On Sun, Dec 09, 2018 at 11:44:19AM -0500, Theodore Y. Ts'o wrote:
On Sun, Dec 09, 2018 at 12:30:39PM +0100, Greg KH wrote:
P.P.P.S. If I were king, I'd be asking for a huge number of kunit tests for block-mq to be developed, and then running them under a Thread Sanitizer.
Isn't that what xfs and fio is? Aren't we running this all the time and reporting those issues? How did this bug not show up on those tests, is it just because they didn't run long enough?
Because of those test suites, I was thinking that the block and filesystem paths were one of the more well-tested things we had at the moment, is this not true?

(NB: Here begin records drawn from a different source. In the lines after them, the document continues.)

Lemma tnorm_pos : 0 < tnorm.
Proof. assert (0 <= INR (r - 1) * b) by (apply Rmult_le_pos; [apply pos_INR|lra]); lra. Qed.

Lemma deg_nonneg : 0 <= deg r a b omega.
Proof.
  pose proof tnorm_pos; unfold deg, Rdiv.
  apply Rmult_le_pos; [apply Rmult_le_pos; lra|].
  left; apply Rinv_0_lt_compat, Rmult_lt_0_compat; [apply lt_0_INR; lia|lra].
Qed.

Lemma trans_nonneg x y : 0 <= trans r a b x y.
Proof.
  pose proof tnorm_pos; unfold trans.
  destruct Nat.eqb; apply Rmult_le_pos; try lra; left; apply Rinv_0_lt_compat; lra.
Qed.

Lemma labp_nonneg x y l : 0 <= labp L mu nu x y l.
Proof. unfold labp; destruct Nat.eqb; auto. Qed.

Lemma trans_sum x : (x < r)%nat -> lsum (trans r a b x) (seq 0 r) = 1.
Proof.
  intros Hx; pose proof tnorm_pos.
  rewrite (lsum_ext _ (fun y => b / tnorm + (if Nat.eqb x y then (a - b) / tnorm else 0))).
  2: { intros y _; unfold trans; destruct Nat.eqb; field; lra. }
  rewrite lsum_add, lsum_const, length_seq, (lsum_seq_eqb r x (fun _ => (a - b) / tnorm)) by auto.
  rewrite minus_INR in * by lia; simpl INR in *; field; lra.
Qed.

Lemma labp_sum x y : lsum (labp L mu nu x y) labs = 1.
Proof. unfold labp; destruct Nat.eqb; auto. Qed.

Definition child_lik (x m : nat) (c : L * obs L) : R :=
  rsum r (fun y => trans r a b x y * labp L mu nu x y (fst c) * lk y (snd c) m).

Lemma lik_Node x cs m :
  lk x (Node cs) (S m) = poisson (deg r a b omega) (length cs) * lprod _ (child_lik x m) cs.
Proof. reflexivity. Qed.

Lemma lik_nonneg n : forall x t, 0 <= lk x t n.
Proof.
  induction n as [|n IH]; intros x [y|cs]; simpl; try lra.
  - destruct Nat.eqb; lra.
  - apply Rmult_le_pos; [apply poisson_nonneg, deg_nonneg|].
    apply (lprod_nonneg _ (child_lik x n)); intros c; apply lsum_nonneg; intros y.
    apply Rmult_le_pos; [apply Rmult_le_pos|]; auto using trans_nonneg, labp_nonneg.
Qed.

Lemma child_lik_nonneg x m c : 0 <= child_lik x m c.
Proof.
  apply lsum_nonneg; intros y.
  apply Rmult_le_pos; [apply Rmult_le_pos|]; auto using trans_nonneg, labp_nonneg, lik_nonneg.
Qed.

Lemma child_lik_mass_le_1 x m : (x < r)%nat ->
  (forall y, (y < r)%nat -> mass_le (fun t => lk y t m) 1) -> mass_le (child_lik x m) 1.
Proof.
  intros Hx Hlik.
  eapply mass_le_weaken.
  - apply (mass_le_pair labs _
      (fun l => lsum (fun y => trans r a b x y * labp L mu nu x y l * 1) (seq 0 r)));
      auto using child_lik_nonneg.
    intros l; apply (mass_le_lsum (fun y t => trans r a b x y * labp L mu nu x y l * lk y t m)).
    intros y Hy; apply in_seq in Hy; apply mass_le_scal.
    + apply Rmult_le_pos; auto using trans_nonneg, labp_nonneg.
    + apply Hlik; lia.
  - right; rewrite lsum_comm, <- (trans_sum x Hx) at 1; apply lsum_ext; intros y _.
    rewrite (lsum_ext _ (fun l => trans r a b x y * labp L mu nu x y l)) by (intros; ring).
    rewrite lsum_scal_l, labp_sum; ring.
Qed.

Lemma lik_mass_le_1 n : forall x, (x < r)%nat -> mass_le (fun t => lk x t n) 1.
Proof.
  induction n as [|n IH]; intros x Hx.
  - eapply mass_le_weaken; [apply (mass_le_support _ (Leaf x :: nil))|].
    + intros; apply lik_nonneg.
    + intros [y|cs] Hy; simpl in Hy; [|now contradict Hy].
      destruct (Nat.eqb_spec x y); [subst y; left; reflexivity|lra].
    + rewrite lsum_cons, lsum_nil; simpl; rewrite Nat.eqb_refl; lra.
  - apply mass_le_obs_node; [intros; apply lik_nonneg|reflexivity|].
    apply mass_le_weighted_lprod.
    + intros; apply child_lik_nonneg.
    + apply child_lik_mass_le_1; auto.
    + intros; apply poisson_nonneg, deg_nonneg.
    + intros; apply poisson_partial_sum_le_1, deg_nonneg.
Qed.

(* The first summand does not depend on the parent's attribute [x]: only the second one, of
   relative size [|a mu(l) - b nu(l)| / (a + (r-1) b)], carries information about [x]. *)
Lemma child_lik_split x m l t : (x < r)%nat -> child_lik x m (l, t) =
  lsum (fun y => b * nu l / tnorm * lk y t m) (seq 0 r) + (a * mu l - b * nu l) / tnorm * lk x t m.
Proof.
  intros Hx; pose proof tnorm_pos.
  change (child_lik x m (l, t))
    with (lsum (fun y => trans r a b x y * labp L mu nu x y l * lk y t m) (seq 0 r)).
  rewrite (lsum_ext (fun y => trans r a b x y * labp L mu nu x y l * lk y t m)
    (fun y => b * nu l / tnorm * lk y t m +
      (if Nat.eqb x y then (a * mu l - b * nu l) / tnorm * lk y t m else 0))).
  2: { intros y _; unfold trans, labp; destruct Nat.eqb; field; lra. }
  rewrite lsum_add, (lsum_seq_eqb r x (fun y => (a * mu l - b * nu l) / tnorm * lk y t m)); auto.
Qed.

Definition child_contraction : R := lsum (fun l => Rabs ((a * mu l - b * nu l) / tnorm)) labs.

Lemma child_lik_diff_mass_le x x' m D : (x < r)%nat -> (x' < r)%nat ->
  mass_le (fun t => Rabs (lk x t m - lk x' t m)) D ->
  mass_le (fun c => Rabs (child_lik x m c - child_lik x' m c)) (child_contraction * D).
Proof.
  intros Hx Hx' HD; unfold child_contraction; rewrite <- lsum_scal_r.
  apply mass_le_pair; auto using Rabs_pos; intros l.
  apply (mass_le_mono _ (fun t => Rabs ((a * mu l - b * nu l) / tnorm) * Rabs (lk x t m - lk x' t m))).
  - intros t; rewrite !child_lik_split, <- Rabs_mult by auto; right; f_equal; ring.
  - apply mass_le_scal; auto using Rabs_pos.
Qed.

Definition contraction : R := deg r a b omega * child_contraction.

Lemma contraction_nonneg : 0 <= contraction.
Proof.
  apply Rmult_le_pos; [apply deg_nonneg|apply lsum_nonneg; intros; apply Rabs_pos].
Qed.
(* Let $(X_i)_{i\in I}$ be a family of zero-dimensional coherent domains and $F\subseteq\prod_{i\in I}\mathcal V_{=1}(X_i)\subseteq\prod_{i\in I}\mathcal V(X_i)$ a finite set. Then $b(F)=\mathrm{conv}\,F$, where $b(F)=\overline{\mathrm{conv}\,F}\cap{\uparrow}\mathrm{conv}\,F$ computed in $\prod_{i\in I}\mathcal V(X_i)$; consequently $\mathrm{conv}\,F$ is Lawson-compact.
   Context: A domain is a continuous dcpo; it is coherent if the intersection of any two compact saturated subsets is compact; zero-dimensional means its (Scott) topology has a basis of clopens. $\mathcal V(X)$ is the set of continuous valuations on $X$ (strict, monotone, modular maps from Scott-opens to $[0,\infty]$ preserving directed unions), ordered pointwise and carrying pointwise addition and scaling; $\mathcal V_{=1}(X)$ those with $\mu(X)=1$. The product $\prod_i\mathcal V(X_i)$ has the componentwise order and operations. $\mathrm{conv}\,F$ is the set of finite convex combinations of elements of $F$, $\overline{A}$ the Scott closure, ${\uparrow}A$ the up-closure. The Lawson topology is generated by the Scott-open sets and the complements of principal up-sets ${\uparrow}x$. *)

From HB Require Import structures.
From mathcomp Require Import all_boot all_order all_algebra.
From mathcomp Require Import boolp classical_sets functions cardinality reals constructive_ereal ereal.
Set Implicit Arguments. Unset Strict Implicit. Unset Printing Implicit Defensive.
Import Order.TTheory GRing.Theory Num.Theory.
Local Open Scope classical_set_scope.
Local Open Scope ring_scope.

Definition is_poset {T : Type} (le : T -> T -> Prop) : Prop :=
  (forall x, le x x) /\ (forall x y z, le x y -> le y z -> le x z) /\
  (forall x y, le x y -> le y x -> x = y).

Definition upper_set {T : Type} (le : T -> T -> Prop) (A : set T) : Prop :=
  forall x y, A x -> le x y -> A y.

Definition directed {T : Type} (le : T -> T -> Prop) (D : set T) : Prop :=
  (exists x, D x) /\
  (forall x y, D x -> D y -> exists z, D z /\ le x z /\ le y z).

Definition is_lub {T : Type} (le : T -> T -> Prop) (D : set T) (s : T) : Prop :=
  (forall d, D d -> le d s) /\ (forall u, (forall d, D d -> le d u) -> le s u).

Definition dcpo {T : Type} (le : T -> T -> Prop) : Prop :=
  is_poset le /\ (forall D, directed le D -> exists s, is_lub le D s).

I'm pretty confident about the file system paths, and the "happy paths" for the block layer.
But with Kernel Bugzilla #201685, despite huge amounts both before and after 4.19-rc1, nothing picked it up. It turned out to be very configuration specific, *and* only happened when you were under heavy memory pressure and/or I/O pressure.

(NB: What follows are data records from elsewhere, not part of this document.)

Lemma first_zero f b : 0 < b -> (forall x, 0 < x <= b -> continuity_pt f x) ->
  right_cont_at_0 f -> 0 < f 0 -> (exists x, 0 < x <= b /\ f x <= 0) ->
  exists z, 0 < z <= b /\ f z = 0 /\ forall t, 0 <= t < z -> 0 < f t.
Proof.
  intros Hb Hc Hr H0 [x0 [Hx0 Hfx0]].
  set (E := fun x => 0 <= x /\ forall t, 0 <= t <= x -> 0 < f t).
  assert (HE : forall y, E y -> y < x0).
  { intros y [Hy Hy']. destruct (Rlt_or_le y x0) as [|Hle]; auto.
    specialize (Hy' x0 ltac:(lra)). lra. }
  assert (HE0 : E 0) by (split; [lra|]; intros t Ht; replace t with 0 by lra; auto).
  destruct (completeness E (ex_intro _ x0 (fun y Hy => Rlt_le _ _ (HE y Hy))) (ex_intro _ 0 HE0))
    as [z [Hz1 Hz2]].
  assert (Hzx0 : z <= x0) by (apply Hz2; intros y Hy; left; auto).
  assert (Hbelow : forall t, 0 <= t < z -> 0 < f t).
  { intros t Ht. destruct (Rlt_or_le 0 (f t)) as [|Hft]; auto. exfalso.
    assert (z <= t); [|lra]. apply Hz2. intros y [Hy Hy'].
    destruct (Rle_or_lt y t) as [|Hlt]; auto. specialize (Hy' t ltac:(lra)). lra. }
  assert (Hzpos : 0 < z).
  { destruct (Hr (f 0) H0) as [d [Hd Hd']].
    assert (d / 2 <= z); [|lra]. apply Hz1. split; [lra|].
    intros t Ht. destruct (Req_dec t 0) as [->|]; auto.
    specialize (Hd' t ltac:(lra)). apply Rabs_def2 in Hd'. lra. }
  exists z. split; [lra|]. split; auto.
  destruct (Rtotal_order (f z) 0) as [Hn|[Hz|Hp]]; auto; exfalso.
  - destruct (continuity_pt_eps f z (Hc z ltac:(lra)) (- f z) ltac:(lra)) as [a [Ha Ha']].
    set (t := Rmax 0 (z - a / 2)).
    assert (0 <= t /\ t < z /\ z - a / 2 <= t)
      by (unfold t; split; [apply Rmax_l|split; [apply Rmax_lub_lt; lra|apply Rmax_r]]).
    specialize (Hbelow t ltac:(lra)).
    specialize (Ha' t ltac:(apply Rabs_def1; lra)). apply Rabs_def2 in Ha'. lra.
  - destruct (continuity_pt_eps f z (Hc z ltac:(lra)) (f z) Hp) as [a [Ha Ha']].
    assert (z + a / 2 <= z); [|lra]. apply Hz1. split; [lra|].
    intros t Ht. destruct (Rlt_or_le t z) as [Hlt|Hge]; [apply Hbelow; lra|].
    specialize (Ha' t ltac:(apply Rabs_def1; lra)). apply Rabs_def2 in Ha'. lra.
Qed.

Lemma deriv_nonpos_at_first_zero f l z : 0 < z -> derivable_pt_lim f z l -> f z = 0 ->
  (forall t, 0 <= t < z -> 0 < f t) -> l <= 0.
Proof.
  intros Hz Hd Hfz Hpos. destruct (Rle_or_lt l 0) as [|Hl]; auto. exfalso.
  destruct (Hd l Hl) as [d Hd'].
  pose proof (cond_pos d).
  set (h := - Rmin (d / 2) (z / 2)).
  assert (Hh : 0 < - h /\ - h < d /\ - h <= z / 2).
  { unfold h. rewrite Ropp_involutive. pose proof (Rmin_l (d / 2) (z / 2)).
    pose proof (Rmin_r (d / 2) (z / 2)). split; [apply Rmin_pos|]; lra. }
  specialize (Hd' h ltac:(lra) ltac:(rewrite Rabs_left by lra; lra)).
  rewrite Hfz, Rminus_0_r in Hd'. specialize (Hpos (z + h) ltac:(lra)).
  apply Rabs_def2 in Hd'.
  assert (f (z + h) / h < 0) by (apply Rdiv_pos_neg; lra).
  lra.
Qed.

(* Y_k = 1 - cos (resp. cosh - 1): the variable of the power series below,
   with Y_k' = S_k, S_k^2 = Y_k (2 - k Y_k) and C_k = 1 - k Y_k. *)
Definition Yk (k : Z) (r : R) : R := if Z.eqb k 1 then 1 - cos r else cosh r - 1.

Section SpaceForm.
Variable k : Z.
Hypothesis Hk : k = 1%Z \/ k = (-1)%Z.

Lemma Sk_deriv r : derivable_pt_lim (Sk k) r (Ck k r).
Proof.
  destruct Hk as [-> | ->]; unfold Sk, Ck; simpl.
  - apply derivable_pt_lim_sin.
  - apply derivable_pt_lim_sinh.
Qed.

Lemma Yk_deriv r : derivable_pt_lim (Yk k) r (Sk k r).
Proof.
  destruct Hk as [-> | ->]; unfold Sk, Yk; simpl.
  - apply (dpl_to _ _ (0 - - sin r)); [|ring].
    apply derivable_pt_lim_minus; [apply derivable_pt_lim_const|apply derivable_pt_lim_cos].
  - apply (dpl_to _ _ (sinh r - 0)); [|ring].
    apply derivable_pt_lim_minus; [apply derivable_pt_lim_cosh|apply derivable_pt_lim_const].
Qed.

Lemma Sk_0 : Sk k 0 = 0.
Proof.
  destruct Hk as [-> | ->]; unfold Sk; simpl; [apply sin_0|].
  unfold sinh. rewrite Ropp_0, exp_0. field.
Qed.

Lemma Yk_0 : Yk k 0 = 0.
Proof.
  destruct Hk as [-> | ->]; unfold Yk; simpl; [rewrite cos_0; ring|].
  unfold cosh. rewrite Ropp_0, exp_0. field.
Qed.

Lemma Sk_pos r : 0 < r <= 1 -> 0 < Sk k r.
Proof.
  intros Hr. pose proof PI2_1.
  destruct Hk as [-> | ->]; unfold Sk; simpl.
  - apply sin_gt_0; lra.
  - unfold sinh. assert (exp (- r) < exp r) by (apply exp_increasing; lra). lra.
Qed.

Lemma Sk_nonneg r : 0 <= r <= 1 -> 0 <= Sk k r.
Proof.
  intros Hr. destruct (Req_dec r 0) as [->|]; [rewrite Sk_0; lra|].
  left; apply Sk_pos; lra.
Qed.

Lemma Ck_bounds r : 0 <= r <= 1 -> 0 < Ck k r <= 2.
Proof.
  intros Hr. pose proof PI2_1.
  destruct Hk as [-> | ->]; unfold Ck; simpl.
  - split; [apply cos_gt_0; lra|]. pose proof (COS_bound r). lra.
  - assert (exp r <= exp 1)
      by (destruct (Req_dec r 1) as [->|]; [lra|left; apply exp_increasing; lra]).
    assert (exp (- r) <= exp 0)
      by (destruct (Req_dec r 0) as [->|]; [rewrite Ropp_0; lra|left; apply exp_increasing; lra]).
    pose proof exp_le_3. pose proof (exp_pos r). pose proof (exp_pos (- r)).
    rewrite exp_0 in *. unfold cosh. lra.
Qed.

Lemma Sk_sq r : Sk k r ^ 2 = Yk k r * (2 - IZR k * Yk k r).
Proof.
  destruct Hk as [-> | ->]; unfold Sk, Yk; simpl.
  - pose proof (sin2_cos2 r). unfold Rsqr in *. nra.
  - unfold sinh, cosh. pose proof (exp_plus r (- r)) as E.
    replace (r + - r) with 0 in E by ring. rewrite exp_0 in E. nra.
Qed.

Lemma Ck_Yk r : Ck k r = 1 - IZR k * Yk k r.
Proof. destruct Hk as [-> | ->]; unfold Ck, Yk; simpl; ring. Qed.

Lemma Yk_bound r : 0 <= r <= 1 -> Rabs (Yk k r) <= 1.
Proof.
  intros Hr. pose proof (Ck_bounds r Hr) as Hc. rewrite Ck_Yk in Hc.
  apply Rabs_le_between. destruct Hk as [-> | ->]; simpl in Hc; lra.
Qed.

Lemma Sk_le_2r r : 0 <= r <= 1 -> Sk k r <= 2 * r.
Proof.
  intros Hr.
  assert (H : 2 * 0 - Sk k 0 <= 2 * r - Sk k r).
  { apply (nondecr_of_deriv (fun x => 2 * x - Sk k x) (fun x => 2 * 1 - Ck k x)); [lra| |].
    - intros c Hc. apply dpl_minus; [|apply Sk_deriv].
      apply derivable_pt_lim_scal, derivable_pt_lim_id.
    - intros c Hc. pose proof (Ck_bounds c ltac:(lra)). lra. }
  rewrite Sk_0 in H. lra.
Qed.

Lemma Sk_mono r s : 0 <= r <= s -> s <= 1 -> Sk k r <= Sk k s.
Proof.
  intros H1 H2. apply (nondecr_of_deriv _ (Ck k)); [lra| |].
  - intros c _. apply Sk_deriv.
  - intros c Hc. pose proof (Ck_bounds c ltac:(lra)). lra.
Qed.
End SpaceForm.

(* A function whose derivative is at least A/s on (0,r] grows like A ln s,
   so it cannot stay bounded: this is what forces fluxes to vanish at 0. *)
Lemma no_log_blowup v v1 A V r : 0 < r -> 0 < A ->
  (forall s, 0 < s <= r -> derivable_pt_lim v s (v1 s)) ->
  (forall s, 0 < s <= r -> A / s <= v1 s) ->
  (forall s, 0 < s <= r -> Rabs (v s) <= V) -> False.
Proof.
  intros Hr HA Hd Hv1 Hb.
  set (s := r * exp (- ((2 * V + 1) / A))).
  assert (HV : 0 <= V) by (pose proof (Hb r ltac:(lra)); pose proof (Rabs_pos (v r)); lra).
  assert (Hs : 0 < s < r).
  { assert (exp (- ((2 * V + 1) / A)) < exp 0).
    { apply exp_increasing. assert (0 < (2 * V + 1) / A) by (apply Rdiv_lt_0_compat; lra). lra. }
    rewrite exp_0 in *. pose proof (exp_pos (- ((2 * V + 1) / A))). unfold s. nra. }
  assert (Hln : ln s = ln r - (2 * V + 1) / A).
  { unfold s. rewrite ln_mult, ln_exp by (try apply exp_pos; lra). ring. }
  assert (Hgrow : v s - A * ln s <= v r - A * ln r).
  { apply (nondecr_of_deriv (fun x => v x - A * ln x) (fun x => v1 x - A * / x)); [lra| |].
    - intros c Hc. apply dpl_minus; [apply Hd; lra|].
      apply derivable_pt_lim_scal, derivable_pt_lim_ln; lra.
    - intros c Hc. specialize (Hv1 c ltac:(lra)). unfold Rdiv in Hv1. lra. }
  rewrite Hln in Hgrow.
  replace (A * (ln r - (2 * V + 1) / A)) with (A * ln r - (2 * V + 1)) in Hgrow by (field; lra).
  pose proof (proj1 (Rabs_le_between _ _) (Hb s ltac:(lra))).
  pose proof (proj1 (Rabs_le_between _ _) (Hb r ltac:(lra))). lra.
Qed.

Section Radial.
Variables (n : nat) (k : Z) (m : nat).
Hypothesis Hk : k = 1%Z \/ k = (-1)%Z.
Hypothesis Hm : (1 <= m)%nat.
Hypothesis Hnm : INR n - 1 = INR m.

(* The weight w = S_k^m (the area density of geodesic spheres) and w'. *)
Definition weight r := Sk k r ^ m.
Definition dweight r := INR m * Sk k r ^ pred m * Ck k r.

Lemma weight_deriv r : derivable_pt_lim weight r (dweight r).
Proof.
  unfold weight, dweight. apply (derivable_pt_lim_comp (Sk k) (fun y => y ^ m)).
  - apply Sk_deriv; auto.
  - apply derivable_pt_lim_pow.
Qed.

(* w = S_k^(m-1) S_k, to cancel the factor 1/S_k of the equation. *)
Lemma weight_split r : weight r = Sk k r ^ pred m * Sk k r.
Proof. unfold weight. destruct m as [|p]; [lia|]. simpl. ring. Qed.

Lemma weight_pos r : 0 < r <= 1 -> 0 < weight r.
Proof. intros H. unfold weight. apply pow_lt, Sk_pos; auto. Qed.

Lemma weight_mono r s : 0 <= r <= s -> s <= 1 -> weight r <= weight s.
Proof.
  intros H1 H2. unfold weight. apply pow_incr. split.
  - apply Sk_nonneg; auto; lra.
  - apply Sk_mono; auto.
Qed.

Lemma weight_le r : 0 <= r <= 1 -> 0 <= weight r <= 2 ^ m * r.
Proof.
  intros H. rewrite weight_split. destruct m as [|p]; [lia|]. simpl pred.
  pose proof (Sk_le_2r k Hk r H). pose proof (Sk_nonneg k Hk r H).
  assert (Sk k r ^ p <= 2 ^ p) by (apply pow_incr; lra).
  assert (0 <= Sk k r ^ p) by (apply pow_le; lra).
  simpl. split; nra.
Qed.

Lemma weight_le_pow r : 0 <= r <= 1 -> weight r <= 2 ^ m.
Proof. intros H. pose proof (weight_le r H). assert (0 < 2 ^ m) by (apply pow_lt; lra). nra. Qed.

Definition radial_sol mu (v v1 v2 : R -> R) :=
  twice_diff_on v v1 v2 /\ (forall r, 0 < r < 1 -> radial_ode n k mu v v1 v2 r) /\
  right_cont_at_0 v.

Lemma radial_sol_scal mu v v1 v2 a : radial_sol mu v v1 v2 ->
  radial_sol mu (fun x => a * v x) (fun x => a * v1 x) (fun x => a * v2 x).
Proof.
  intros [H1 [H2 H3]]. split; [|split].
  - intros r Hr. destruct (H1 r Hr). split; apply derivable_pt_lim_scal; auto.
  - intros r Hr. specialize (H2 r Hr). unfold radial_ode in *.
    replace (a * v2 r + (INR n - 1) * (Ck k r / Sk k r) * (a * v1 r) + mu * (a * v r))
      with (a * (v2 r + (INR n - 1) * (Ck k r / Sk k r) * v1 r + mu * v r)) by ring.
    rewrite H2; ring.
  - intros e He. destruct (H3 (e / (Rabs a + 1))) as [d [Hd Hr]].
    { apply Rdiv_lt_0_compat; [lra|]. pose proof (Rabs_pos a). lra. }
    exists d; split; auto. intros r Hr'. specialize (Hr r Hr').
    replace (a * v r - a * v 0) with (a * (v r - v 0)) by ring. rewrite Rabs_mult.
    assert (Ha : 0 < Rabs a + 1) by (pose proof (Rabs_pos a); lra).
    apply (Rle_lt_trans _ ((Rabs a + 1) * Rabs (v r - v 0))).
    + apply Rmult_le_compat_r; [apply Rabs_pos|lra].
    + apply (Rmult_lt_compat_l (Rabs a + 1)) in Hr; [|lra].
      replace ((Rabs a + 1) * (e / (Rabs a + 1))) with e in Hr by (field; lra). exact Hr.
Qed.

I'm starting to try to use blktests, but it's not as mature as xfstests. It has portability issues, as it assumes a much newer userspace. So I can't even run it under some environments at all. The test coverage just isn't as broad. Compare:
ext4/4k: 441 tests, 1 failures, 42 skipped, 4387 seconds Failures: generic/388
Versus:
Run: block/001 block/002 block/003 block/004 block/005 block/006 block/009 block/010 block/012 block/013 block/014 block/015 block/016 block/017 block/018 block/020 block/021 block/023 block/024 loop/001 loop/002 loop/003 loop/004 loop/005 loop/006 nvme/002 nvme/003 nvme/004 nvme/006 nvme/007 nvme/008 nvme/009 nvme/010 nvme/011 nvme/012 nvme/013 nvme/014 nvme/015 nvme/016 nvme/017 nvme/019 nvme/020 nvme/021 nvme/022 nvme/023 nvme/024 nvme/025 nvme/026 nvme/027 nvme/028 scsi/001 scsi/002 scsi/003 scsi/004 scsi/005 scsi/006 srp/001 srp/002 srp/003 srp/004 srp/005 srp/006 srp/007 srp/008 srp/009 srp/010 srp/011 srp/012 srp/013 Failures: block/017 block/024 nvme/002 nvme/003 nvme/008 nvme/009 nvme/010 nvme/011 nvme/012 nvme/013 nvme/014 nvme/015 nvme/016 nvme/019 nvme/020 nvme/021 nvme/022 nvme/023 nvme/024 nvme/025 nvme/026 nvme/027 nvme/028 scsi/006 srp/001 srp/002 srp/003 srp/004 srp/005 srp/006 srp/007 srp/008 srp/009 srp/010 srp/011 srp/012 srp/013 Failed 37 of 69 tests
(Most of the failures are test portability issues that I still need to work through, not real failures. But just look at the number of tests....)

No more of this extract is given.